Subsequently we proposed another strategy to enhance the adjuvancy of the adenoviral DNA, more specifically we generated a novel oncolytic adenovirus whose genome was enriched of CpG island to iper-stimulate Toll-Like Receptor 9 (TLR9) during capsid disassembly in the endosome (where TLR9 is located) and consequently enhance the vaccine effect. With this work we demonstrated that our new concept of oncolytic adenovirus was able to trigger a tumor-specific immune response significantly better and for longer compared to any other virus present at the moment without altering the toxicity of the agent. This work has been discussed orally at the American Society of Gene and Cell therapy several times and the it has been published in a prestigious journal in the field of gene therapy (An oncolytic adenovirus enhanced for toll-like receptor 9 stimulation increases antitumor immune responses and tumor clearance. Cerullo V. et al., Mol Ther. 2012 Nov;20(11):2076-86. doi: 10.1038/mt.2012.137. Epub 2012 Jul 24).

Finally we have generated “super-vector” that has a CpG enriched genome, expresses GMCSF, has a chimeric fiber to better enter cancer cells and finally has double-check control to limit its replication in normal cells even more.

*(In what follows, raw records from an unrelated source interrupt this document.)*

(* Let $\phi\colon\mathbb{A}^n\to V$ be a morphism such that every $\phi(b)$ has a center, $\psi\colon G\times\mathbb{A}^n\to V$, $(g,b)\mapsto g(\phi(b))$, and $X=\{(g,\omega)\in G\times\operatorname{Img}\psi: g(\omega)\in W\}$. Let \[\eta\colon X\to\mathbb{A}^2\times\operatorname{Img}\psi,\qquad \Bigl(\left(\begin{smallmatrix} M & v\\ 0&1\end{smallmatrix}\right),\omega\Bigr)\mapsto(-M^{-1}v,\omega).\] Then \[\operatorname{Img}\eta = \{(\tilde v,\omega) : \omega(\tilde v) = 0,\ d\omega(\tilde v)=0 \text{ and } \operatorname{rank} F_2(\omega,\tilde v) = 2\}.\]
   Context: $K$ is an algebraically closed field. $V$ is the space of differential forms $P\,dx+Q\,dy$ with $P,Q\in K[x,y]$ of degree $\le 3$; $W\subset V$ is the set of Poincaré forms $(x+P_2+P_3)\,dx+(y+Q_2+Q_3)\,dy$, $P_i,Q_i$ homogeneous of degree $i$. $G=\mathrm{Aff}_2=\{\left(\begin{smallmatrix} M & v\\ 0&1\end{smallmatrix}\right): M\in GL_2(K),v\in K^2\}$ acts on $V$ by affine coordinate changes $g\binom{x}{y}=M\binom{x}{y}+v$, $g\binom{dx}{dy}=M\binom{dx}{dy}$. A form has a center at $a$ if $P(a)=Q(a)=0$ and there exist formal power series $\mu,F$ centered at $a$ with $\mu(a)\ne0$ and $dF=\mu\,(P\,dx+Q\,dy)$. $\omega(\tilde v)=0$ means $P(\tilde v)=Q(\tilde v)=0$; $d\omega=(Q_x-P_y)\,dx\wedge dy$. When $\omega(\tilde v)=0$ and $d\omega(\tilde v)=0$, the linear part of $\omega$ at $\tilde v$ is exact, equal to $dF_2$ for a quadratic form $F_2=F_2(\omega,\tilde v)$ homogeneous in $x-\tilde v_x,y-\tilde v_y$ (the quadric associated to $\omega$ at $\tilde v$; when $\omega$ has a center at $\tilde v$ it agrees up to a nonzero scalar with the degree-2 part of a first integral without constant and linear terms). Its rank is invariant under affine coordinate changes. *)

From HB Require Import structures.
From mathcomp Require Import all_boot all_order all_algebra.
From mathcomp Require Import mpoly.
Set Implicit Arguments. Unset Strict Implicit. Unset Printing Implicit Defensive.
Import Order.TTheory GRing.Theory Num.Theory.
Local Open Scope ring_scope.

The results with this virus are very promising and we are at the moment considering it for a future clinical trials in human cancer patients.

Overall, this grant application (FP7-IRG-MC-PEOPLE) has been for the scientific community and for my career extremely useful. It has contributed to the publication of several very important papers, it has significantly contributed to the advance of my career from postdoc to a tenure-track assistant professor but, most importantly it has contributed to set the science behind several clinical trials and treatments with more than 200 patients treated to date.